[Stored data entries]
───

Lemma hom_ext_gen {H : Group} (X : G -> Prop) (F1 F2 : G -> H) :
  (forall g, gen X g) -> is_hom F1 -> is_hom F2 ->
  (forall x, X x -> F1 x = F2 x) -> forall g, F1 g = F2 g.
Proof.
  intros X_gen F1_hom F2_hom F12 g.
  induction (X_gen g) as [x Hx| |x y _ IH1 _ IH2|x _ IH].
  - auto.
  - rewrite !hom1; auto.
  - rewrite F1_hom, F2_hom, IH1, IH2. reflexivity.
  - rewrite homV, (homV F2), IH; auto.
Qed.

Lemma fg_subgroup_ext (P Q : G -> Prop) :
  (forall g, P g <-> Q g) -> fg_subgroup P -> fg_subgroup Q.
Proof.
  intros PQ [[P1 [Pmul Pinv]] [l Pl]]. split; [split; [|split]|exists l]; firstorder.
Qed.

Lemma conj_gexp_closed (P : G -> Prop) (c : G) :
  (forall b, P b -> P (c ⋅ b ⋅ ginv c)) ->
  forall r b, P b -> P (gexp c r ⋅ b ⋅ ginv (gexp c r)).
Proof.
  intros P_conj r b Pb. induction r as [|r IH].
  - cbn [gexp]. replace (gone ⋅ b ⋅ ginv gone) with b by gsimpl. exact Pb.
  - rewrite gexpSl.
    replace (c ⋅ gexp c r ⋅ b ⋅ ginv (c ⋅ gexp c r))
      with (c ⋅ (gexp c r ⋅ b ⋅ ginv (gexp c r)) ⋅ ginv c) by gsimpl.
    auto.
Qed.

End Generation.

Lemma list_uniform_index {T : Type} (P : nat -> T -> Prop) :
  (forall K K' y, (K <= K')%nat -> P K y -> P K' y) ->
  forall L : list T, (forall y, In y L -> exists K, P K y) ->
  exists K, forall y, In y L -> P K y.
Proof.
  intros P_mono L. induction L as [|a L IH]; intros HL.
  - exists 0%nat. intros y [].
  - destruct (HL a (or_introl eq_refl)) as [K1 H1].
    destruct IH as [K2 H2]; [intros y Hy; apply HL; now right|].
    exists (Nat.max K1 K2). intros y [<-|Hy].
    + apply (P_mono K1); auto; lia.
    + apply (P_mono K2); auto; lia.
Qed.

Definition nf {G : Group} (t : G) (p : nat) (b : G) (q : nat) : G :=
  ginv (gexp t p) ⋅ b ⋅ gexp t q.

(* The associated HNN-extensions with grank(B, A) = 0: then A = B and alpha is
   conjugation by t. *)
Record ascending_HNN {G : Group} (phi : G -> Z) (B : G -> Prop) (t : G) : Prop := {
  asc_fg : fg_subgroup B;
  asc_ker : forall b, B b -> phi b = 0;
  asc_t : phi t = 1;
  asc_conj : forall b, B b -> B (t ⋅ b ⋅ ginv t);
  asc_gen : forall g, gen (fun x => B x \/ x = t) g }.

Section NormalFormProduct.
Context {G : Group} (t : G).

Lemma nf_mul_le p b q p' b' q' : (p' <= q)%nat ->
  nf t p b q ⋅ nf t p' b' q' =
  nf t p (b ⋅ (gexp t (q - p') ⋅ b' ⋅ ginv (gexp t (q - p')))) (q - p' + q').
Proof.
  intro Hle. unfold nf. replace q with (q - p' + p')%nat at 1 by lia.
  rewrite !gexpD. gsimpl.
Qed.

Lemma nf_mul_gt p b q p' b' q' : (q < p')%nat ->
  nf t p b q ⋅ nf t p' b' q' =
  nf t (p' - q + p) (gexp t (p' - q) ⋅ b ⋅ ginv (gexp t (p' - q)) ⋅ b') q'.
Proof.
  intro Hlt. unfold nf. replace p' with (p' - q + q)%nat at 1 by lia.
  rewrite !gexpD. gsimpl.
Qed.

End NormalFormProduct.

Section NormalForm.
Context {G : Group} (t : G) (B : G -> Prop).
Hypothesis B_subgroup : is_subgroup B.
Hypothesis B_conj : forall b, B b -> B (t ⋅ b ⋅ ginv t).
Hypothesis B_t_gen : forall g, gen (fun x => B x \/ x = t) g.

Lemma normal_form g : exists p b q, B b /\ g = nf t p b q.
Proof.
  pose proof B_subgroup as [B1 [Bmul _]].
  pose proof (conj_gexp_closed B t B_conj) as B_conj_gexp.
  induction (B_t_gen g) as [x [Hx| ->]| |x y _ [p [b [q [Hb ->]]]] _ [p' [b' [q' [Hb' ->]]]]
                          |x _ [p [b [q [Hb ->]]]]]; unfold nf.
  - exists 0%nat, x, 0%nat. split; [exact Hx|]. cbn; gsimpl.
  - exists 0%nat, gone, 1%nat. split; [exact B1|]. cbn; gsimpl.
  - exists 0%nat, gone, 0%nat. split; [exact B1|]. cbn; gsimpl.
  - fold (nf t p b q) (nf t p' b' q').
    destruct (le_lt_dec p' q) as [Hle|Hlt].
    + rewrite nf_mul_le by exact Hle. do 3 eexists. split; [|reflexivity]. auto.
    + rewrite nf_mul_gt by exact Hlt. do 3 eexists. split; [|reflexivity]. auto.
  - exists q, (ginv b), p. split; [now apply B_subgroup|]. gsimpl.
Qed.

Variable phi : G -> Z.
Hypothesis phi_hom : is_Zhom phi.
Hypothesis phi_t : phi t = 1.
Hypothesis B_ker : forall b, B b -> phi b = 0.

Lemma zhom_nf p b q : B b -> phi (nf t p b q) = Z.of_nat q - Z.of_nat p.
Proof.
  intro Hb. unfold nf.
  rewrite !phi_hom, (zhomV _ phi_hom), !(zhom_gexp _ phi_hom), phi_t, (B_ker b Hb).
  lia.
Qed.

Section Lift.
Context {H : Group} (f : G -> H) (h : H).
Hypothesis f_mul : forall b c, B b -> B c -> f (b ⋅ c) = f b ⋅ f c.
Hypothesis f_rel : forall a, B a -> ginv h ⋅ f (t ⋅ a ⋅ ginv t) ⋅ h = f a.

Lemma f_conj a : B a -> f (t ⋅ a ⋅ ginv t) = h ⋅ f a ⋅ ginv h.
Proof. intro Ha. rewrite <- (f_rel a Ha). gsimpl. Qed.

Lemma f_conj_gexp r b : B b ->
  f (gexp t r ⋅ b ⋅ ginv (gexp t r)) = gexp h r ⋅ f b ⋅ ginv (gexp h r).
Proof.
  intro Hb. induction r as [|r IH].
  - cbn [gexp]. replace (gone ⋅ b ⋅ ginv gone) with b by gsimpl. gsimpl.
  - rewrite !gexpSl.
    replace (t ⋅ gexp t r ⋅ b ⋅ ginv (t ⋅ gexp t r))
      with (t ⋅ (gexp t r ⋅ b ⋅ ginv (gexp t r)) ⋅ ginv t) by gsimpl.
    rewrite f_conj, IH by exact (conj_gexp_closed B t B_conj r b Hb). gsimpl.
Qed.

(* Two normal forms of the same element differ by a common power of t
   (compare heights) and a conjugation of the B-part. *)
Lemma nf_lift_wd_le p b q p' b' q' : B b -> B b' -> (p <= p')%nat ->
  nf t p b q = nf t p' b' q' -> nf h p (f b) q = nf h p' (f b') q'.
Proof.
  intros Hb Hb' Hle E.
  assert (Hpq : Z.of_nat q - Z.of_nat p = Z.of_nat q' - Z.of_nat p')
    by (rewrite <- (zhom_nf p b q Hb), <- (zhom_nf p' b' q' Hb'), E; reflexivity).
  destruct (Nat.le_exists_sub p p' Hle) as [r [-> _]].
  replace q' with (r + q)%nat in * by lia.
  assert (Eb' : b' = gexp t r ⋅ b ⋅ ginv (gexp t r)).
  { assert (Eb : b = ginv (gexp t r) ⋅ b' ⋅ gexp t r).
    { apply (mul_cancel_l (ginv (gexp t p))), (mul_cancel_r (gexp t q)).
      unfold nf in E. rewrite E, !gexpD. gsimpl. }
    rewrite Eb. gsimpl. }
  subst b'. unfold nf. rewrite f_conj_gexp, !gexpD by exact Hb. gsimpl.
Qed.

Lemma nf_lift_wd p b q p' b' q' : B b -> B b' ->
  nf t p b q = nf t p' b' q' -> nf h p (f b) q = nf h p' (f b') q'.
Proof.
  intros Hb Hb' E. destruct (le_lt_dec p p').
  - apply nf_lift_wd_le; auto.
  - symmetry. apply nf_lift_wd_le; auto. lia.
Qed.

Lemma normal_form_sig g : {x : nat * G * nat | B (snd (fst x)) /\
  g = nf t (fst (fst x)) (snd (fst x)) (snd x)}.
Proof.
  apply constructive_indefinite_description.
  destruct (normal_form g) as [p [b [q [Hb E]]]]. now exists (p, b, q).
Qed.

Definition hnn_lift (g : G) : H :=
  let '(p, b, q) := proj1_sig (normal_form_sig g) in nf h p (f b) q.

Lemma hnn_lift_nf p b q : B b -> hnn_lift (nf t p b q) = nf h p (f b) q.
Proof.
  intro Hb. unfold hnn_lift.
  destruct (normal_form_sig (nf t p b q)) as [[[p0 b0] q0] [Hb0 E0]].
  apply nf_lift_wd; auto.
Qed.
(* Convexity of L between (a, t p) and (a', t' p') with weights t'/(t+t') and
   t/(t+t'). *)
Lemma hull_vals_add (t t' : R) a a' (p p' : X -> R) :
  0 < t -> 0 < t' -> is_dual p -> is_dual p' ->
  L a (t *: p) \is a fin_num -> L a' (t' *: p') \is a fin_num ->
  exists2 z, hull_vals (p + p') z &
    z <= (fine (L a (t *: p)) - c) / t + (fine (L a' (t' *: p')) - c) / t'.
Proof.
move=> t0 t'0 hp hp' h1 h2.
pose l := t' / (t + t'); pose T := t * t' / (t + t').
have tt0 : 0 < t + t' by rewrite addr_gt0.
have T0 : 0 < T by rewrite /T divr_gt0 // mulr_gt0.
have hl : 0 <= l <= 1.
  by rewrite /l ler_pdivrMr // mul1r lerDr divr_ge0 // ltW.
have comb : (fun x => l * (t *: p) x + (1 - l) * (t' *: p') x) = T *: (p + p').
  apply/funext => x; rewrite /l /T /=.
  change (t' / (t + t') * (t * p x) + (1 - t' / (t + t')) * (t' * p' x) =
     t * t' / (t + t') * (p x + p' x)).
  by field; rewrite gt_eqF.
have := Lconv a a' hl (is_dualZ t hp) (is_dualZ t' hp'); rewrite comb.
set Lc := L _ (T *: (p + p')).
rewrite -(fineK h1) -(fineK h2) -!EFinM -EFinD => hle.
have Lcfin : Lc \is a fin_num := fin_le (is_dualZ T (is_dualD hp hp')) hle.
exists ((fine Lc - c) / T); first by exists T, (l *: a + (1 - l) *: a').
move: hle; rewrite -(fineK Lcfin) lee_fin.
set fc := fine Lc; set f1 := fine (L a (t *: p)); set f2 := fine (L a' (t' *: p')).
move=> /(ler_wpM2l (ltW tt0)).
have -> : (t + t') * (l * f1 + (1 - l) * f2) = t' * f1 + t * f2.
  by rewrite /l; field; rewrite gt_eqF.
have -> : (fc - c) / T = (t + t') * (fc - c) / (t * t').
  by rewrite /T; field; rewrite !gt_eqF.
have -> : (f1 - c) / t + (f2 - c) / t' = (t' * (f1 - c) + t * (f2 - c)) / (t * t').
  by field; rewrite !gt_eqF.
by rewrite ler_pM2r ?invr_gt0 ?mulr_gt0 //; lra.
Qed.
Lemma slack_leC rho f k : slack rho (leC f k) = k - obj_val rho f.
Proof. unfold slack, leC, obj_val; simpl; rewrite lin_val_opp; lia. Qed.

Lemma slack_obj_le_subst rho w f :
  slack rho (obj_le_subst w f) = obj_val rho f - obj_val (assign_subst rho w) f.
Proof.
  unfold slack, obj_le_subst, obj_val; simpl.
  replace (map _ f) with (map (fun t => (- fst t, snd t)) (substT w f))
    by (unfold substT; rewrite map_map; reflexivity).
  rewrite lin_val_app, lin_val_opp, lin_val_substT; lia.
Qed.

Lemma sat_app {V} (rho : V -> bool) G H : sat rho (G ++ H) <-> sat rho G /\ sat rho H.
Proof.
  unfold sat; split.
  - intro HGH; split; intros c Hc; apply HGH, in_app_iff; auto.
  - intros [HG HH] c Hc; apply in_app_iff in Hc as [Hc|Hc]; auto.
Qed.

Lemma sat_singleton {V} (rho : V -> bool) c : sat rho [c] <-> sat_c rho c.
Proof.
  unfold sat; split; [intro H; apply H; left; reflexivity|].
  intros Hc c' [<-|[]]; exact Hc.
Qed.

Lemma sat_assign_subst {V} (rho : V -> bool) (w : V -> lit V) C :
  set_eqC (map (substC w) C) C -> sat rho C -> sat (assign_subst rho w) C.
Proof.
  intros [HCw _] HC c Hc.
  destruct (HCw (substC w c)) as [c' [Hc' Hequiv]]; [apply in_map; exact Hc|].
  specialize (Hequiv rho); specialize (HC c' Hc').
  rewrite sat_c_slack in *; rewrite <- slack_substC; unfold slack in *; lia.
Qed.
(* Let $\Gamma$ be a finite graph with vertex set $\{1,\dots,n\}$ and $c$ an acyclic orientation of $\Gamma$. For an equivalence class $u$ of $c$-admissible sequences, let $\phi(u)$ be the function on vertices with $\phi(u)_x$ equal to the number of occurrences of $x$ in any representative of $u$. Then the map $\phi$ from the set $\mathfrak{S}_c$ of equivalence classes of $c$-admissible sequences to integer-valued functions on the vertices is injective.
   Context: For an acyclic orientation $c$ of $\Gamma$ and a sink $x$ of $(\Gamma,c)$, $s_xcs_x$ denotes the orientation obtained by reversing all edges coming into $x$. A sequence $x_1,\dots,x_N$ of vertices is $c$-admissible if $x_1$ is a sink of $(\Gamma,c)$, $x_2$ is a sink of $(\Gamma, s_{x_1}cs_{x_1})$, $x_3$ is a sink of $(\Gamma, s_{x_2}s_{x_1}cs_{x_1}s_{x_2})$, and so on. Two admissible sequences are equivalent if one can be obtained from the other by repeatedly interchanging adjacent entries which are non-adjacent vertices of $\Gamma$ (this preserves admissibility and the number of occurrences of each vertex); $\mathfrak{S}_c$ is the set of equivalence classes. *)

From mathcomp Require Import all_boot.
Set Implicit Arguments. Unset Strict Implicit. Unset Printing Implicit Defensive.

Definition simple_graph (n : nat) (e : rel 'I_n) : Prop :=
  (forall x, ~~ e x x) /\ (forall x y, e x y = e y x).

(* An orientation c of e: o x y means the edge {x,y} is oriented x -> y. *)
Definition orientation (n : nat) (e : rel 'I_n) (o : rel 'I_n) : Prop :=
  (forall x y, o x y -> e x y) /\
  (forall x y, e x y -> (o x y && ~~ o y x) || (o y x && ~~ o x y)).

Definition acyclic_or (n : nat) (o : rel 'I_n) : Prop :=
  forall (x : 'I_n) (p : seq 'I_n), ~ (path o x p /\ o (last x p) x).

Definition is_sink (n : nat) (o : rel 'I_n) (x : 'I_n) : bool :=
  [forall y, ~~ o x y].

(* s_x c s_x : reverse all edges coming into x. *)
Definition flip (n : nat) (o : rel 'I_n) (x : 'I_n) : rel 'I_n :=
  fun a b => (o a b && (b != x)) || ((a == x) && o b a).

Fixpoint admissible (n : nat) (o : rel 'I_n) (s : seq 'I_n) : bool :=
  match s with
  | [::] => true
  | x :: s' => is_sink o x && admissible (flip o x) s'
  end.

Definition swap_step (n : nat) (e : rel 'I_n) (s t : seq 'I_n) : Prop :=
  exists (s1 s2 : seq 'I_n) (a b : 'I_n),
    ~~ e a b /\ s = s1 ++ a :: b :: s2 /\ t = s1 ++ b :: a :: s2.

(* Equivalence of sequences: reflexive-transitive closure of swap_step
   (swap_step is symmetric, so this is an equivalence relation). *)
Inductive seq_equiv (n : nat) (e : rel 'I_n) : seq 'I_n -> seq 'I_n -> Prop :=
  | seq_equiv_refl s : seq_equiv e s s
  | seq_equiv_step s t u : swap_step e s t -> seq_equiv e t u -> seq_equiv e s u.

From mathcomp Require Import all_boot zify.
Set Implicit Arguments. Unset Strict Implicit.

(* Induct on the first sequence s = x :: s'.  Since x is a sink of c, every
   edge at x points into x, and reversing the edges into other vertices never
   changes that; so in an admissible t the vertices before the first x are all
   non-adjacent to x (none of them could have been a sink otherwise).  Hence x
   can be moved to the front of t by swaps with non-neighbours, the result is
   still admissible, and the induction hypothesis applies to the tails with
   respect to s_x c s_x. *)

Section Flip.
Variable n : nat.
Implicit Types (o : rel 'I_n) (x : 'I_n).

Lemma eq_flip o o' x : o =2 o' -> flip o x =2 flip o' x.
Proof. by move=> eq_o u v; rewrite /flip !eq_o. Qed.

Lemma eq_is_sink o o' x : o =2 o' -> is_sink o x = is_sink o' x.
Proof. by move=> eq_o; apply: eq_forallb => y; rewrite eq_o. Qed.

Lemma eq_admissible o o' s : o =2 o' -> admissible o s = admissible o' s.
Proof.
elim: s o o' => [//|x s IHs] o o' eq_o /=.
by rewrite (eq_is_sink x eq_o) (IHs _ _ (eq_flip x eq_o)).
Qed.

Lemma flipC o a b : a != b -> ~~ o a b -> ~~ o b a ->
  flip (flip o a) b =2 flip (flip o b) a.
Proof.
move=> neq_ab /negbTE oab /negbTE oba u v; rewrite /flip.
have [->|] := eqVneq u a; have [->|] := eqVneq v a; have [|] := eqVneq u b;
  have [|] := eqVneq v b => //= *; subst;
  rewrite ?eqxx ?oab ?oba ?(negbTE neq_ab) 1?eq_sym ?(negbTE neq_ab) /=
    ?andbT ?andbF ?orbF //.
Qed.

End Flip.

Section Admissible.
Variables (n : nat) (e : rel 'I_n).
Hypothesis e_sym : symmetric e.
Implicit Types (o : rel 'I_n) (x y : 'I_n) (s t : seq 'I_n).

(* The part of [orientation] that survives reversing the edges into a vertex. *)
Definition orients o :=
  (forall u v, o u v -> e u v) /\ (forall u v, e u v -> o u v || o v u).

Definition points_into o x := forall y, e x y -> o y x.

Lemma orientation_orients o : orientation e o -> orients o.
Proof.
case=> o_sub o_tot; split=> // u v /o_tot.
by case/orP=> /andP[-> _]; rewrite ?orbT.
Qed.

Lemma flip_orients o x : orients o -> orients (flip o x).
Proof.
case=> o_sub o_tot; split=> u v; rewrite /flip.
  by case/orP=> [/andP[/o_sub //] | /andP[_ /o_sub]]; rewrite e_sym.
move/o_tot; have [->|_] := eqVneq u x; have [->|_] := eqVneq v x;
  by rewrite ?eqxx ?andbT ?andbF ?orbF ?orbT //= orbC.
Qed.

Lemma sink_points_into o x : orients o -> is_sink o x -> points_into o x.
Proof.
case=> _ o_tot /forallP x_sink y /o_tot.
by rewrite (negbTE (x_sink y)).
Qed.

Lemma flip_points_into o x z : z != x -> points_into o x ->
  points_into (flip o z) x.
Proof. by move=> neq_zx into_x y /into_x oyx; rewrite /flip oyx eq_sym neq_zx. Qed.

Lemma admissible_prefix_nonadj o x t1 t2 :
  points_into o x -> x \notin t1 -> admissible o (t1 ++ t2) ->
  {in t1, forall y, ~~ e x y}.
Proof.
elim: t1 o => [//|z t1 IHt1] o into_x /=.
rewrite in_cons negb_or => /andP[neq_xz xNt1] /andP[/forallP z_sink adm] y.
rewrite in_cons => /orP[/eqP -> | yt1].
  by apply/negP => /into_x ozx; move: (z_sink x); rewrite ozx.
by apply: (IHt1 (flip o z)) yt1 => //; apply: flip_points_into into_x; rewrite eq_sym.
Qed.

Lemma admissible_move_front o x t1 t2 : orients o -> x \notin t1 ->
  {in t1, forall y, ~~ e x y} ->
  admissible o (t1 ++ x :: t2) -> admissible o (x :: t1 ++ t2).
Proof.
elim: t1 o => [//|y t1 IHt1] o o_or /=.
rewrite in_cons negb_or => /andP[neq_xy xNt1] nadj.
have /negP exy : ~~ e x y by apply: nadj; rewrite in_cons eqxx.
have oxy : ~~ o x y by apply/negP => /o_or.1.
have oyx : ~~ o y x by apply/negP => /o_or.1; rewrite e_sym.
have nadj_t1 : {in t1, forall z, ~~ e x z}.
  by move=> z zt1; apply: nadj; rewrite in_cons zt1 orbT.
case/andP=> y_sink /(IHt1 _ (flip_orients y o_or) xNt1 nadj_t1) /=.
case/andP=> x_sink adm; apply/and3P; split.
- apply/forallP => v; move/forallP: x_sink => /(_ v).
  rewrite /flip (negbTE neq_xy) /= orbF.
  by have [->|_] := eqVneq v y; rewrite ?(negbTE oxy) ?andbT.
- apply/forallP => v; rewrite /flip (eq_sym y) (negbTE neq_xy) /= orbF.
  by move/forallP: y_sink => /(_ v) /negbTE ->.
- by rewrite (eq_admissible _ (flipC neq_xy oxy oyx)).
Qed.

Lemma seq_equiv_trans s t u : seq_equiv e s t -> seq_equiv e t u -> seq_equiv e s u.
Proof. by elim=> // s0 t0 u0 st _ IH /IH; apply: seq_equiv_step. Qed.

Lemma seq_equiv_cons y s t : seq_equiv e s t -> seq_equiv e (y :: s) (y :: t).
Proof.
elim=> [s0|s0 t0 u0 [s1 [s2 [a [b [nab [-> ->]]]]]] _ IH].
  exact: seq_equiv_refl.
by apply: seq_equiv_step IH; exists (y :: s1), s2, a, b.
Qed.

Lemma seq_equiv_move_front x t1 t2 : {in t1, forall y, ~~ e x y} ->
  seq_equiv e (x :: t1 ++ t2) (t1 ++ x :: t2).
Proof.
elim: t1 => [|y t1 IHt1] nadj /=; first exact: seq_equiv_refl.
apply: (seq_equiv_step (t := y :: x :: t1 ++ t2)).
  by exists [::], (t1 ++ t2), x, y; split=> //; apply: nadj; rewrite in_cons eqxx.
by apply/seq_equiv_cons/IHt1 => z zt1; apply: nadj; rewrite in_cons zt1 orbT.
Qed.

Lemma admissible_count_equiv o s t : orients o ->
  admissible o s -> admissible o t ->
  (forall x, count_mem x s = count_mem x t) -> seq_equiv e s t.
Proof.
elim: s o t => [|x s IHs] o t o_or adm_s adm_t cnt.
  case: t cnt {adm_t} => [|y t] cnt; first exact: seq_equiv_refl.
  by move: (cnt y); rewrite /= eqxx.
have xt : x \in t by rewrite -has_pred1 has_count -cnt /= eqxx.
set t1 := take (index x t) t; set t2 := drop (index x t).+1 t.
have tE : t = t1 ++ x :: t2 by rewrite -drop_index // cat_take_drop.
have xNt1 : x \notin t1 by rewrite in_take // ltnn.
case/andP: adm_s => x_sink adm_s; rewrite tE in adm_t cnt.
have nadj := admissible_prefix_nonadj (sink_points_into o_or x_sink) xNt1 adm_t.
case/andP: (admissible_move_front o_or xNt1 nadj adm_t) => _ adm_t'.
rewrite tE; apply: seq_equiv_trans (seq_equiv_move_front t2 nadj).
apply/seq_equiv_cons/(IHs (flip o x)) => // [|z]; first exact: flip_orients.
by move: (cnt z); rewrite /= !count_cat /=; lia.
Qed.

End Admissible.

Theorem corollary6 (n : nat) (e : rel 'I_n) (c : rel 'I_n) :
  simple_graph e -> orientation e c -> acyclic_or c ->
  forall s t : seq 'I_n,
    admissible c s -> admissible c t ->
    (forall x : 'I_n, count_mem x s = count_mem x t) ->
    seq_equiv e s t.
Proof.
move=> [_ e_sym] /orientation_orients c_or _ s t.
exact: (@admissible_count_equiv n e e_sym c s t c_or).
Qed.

───

_Task_. Lines to set down from above: the line with "rewrite in_cons negb_or => /andP[neq_xy", the line with "case/andP=> x_sink adm; apply/and3P; split.", and every line between, each exactly as written.

_Answer box_.
rewrite in_cons negb_or => /andP[neq_xy xNt1] nadj.
have /negP exy : ~~ e x y by apply: nadj; rewrite in_cons eqxx.
have oxy : ~~ o x y by apply/negP => /o_or.1.
have oyx : ~~ o y x by apply/negP => /o_or.1; rewrite e_sym.
have nadj_t1 : {in t1, forall z, ~~ e x z}.
  by move=> z zt1; apply: nadj; rewrite in_cons zt1 orbT.
case/andP=> y_sink /(IHt1 _ (flip_orients y o_or) xNt1 nadj_t1) /=.
case/andP=> x_sink adm; apply/and3P; split.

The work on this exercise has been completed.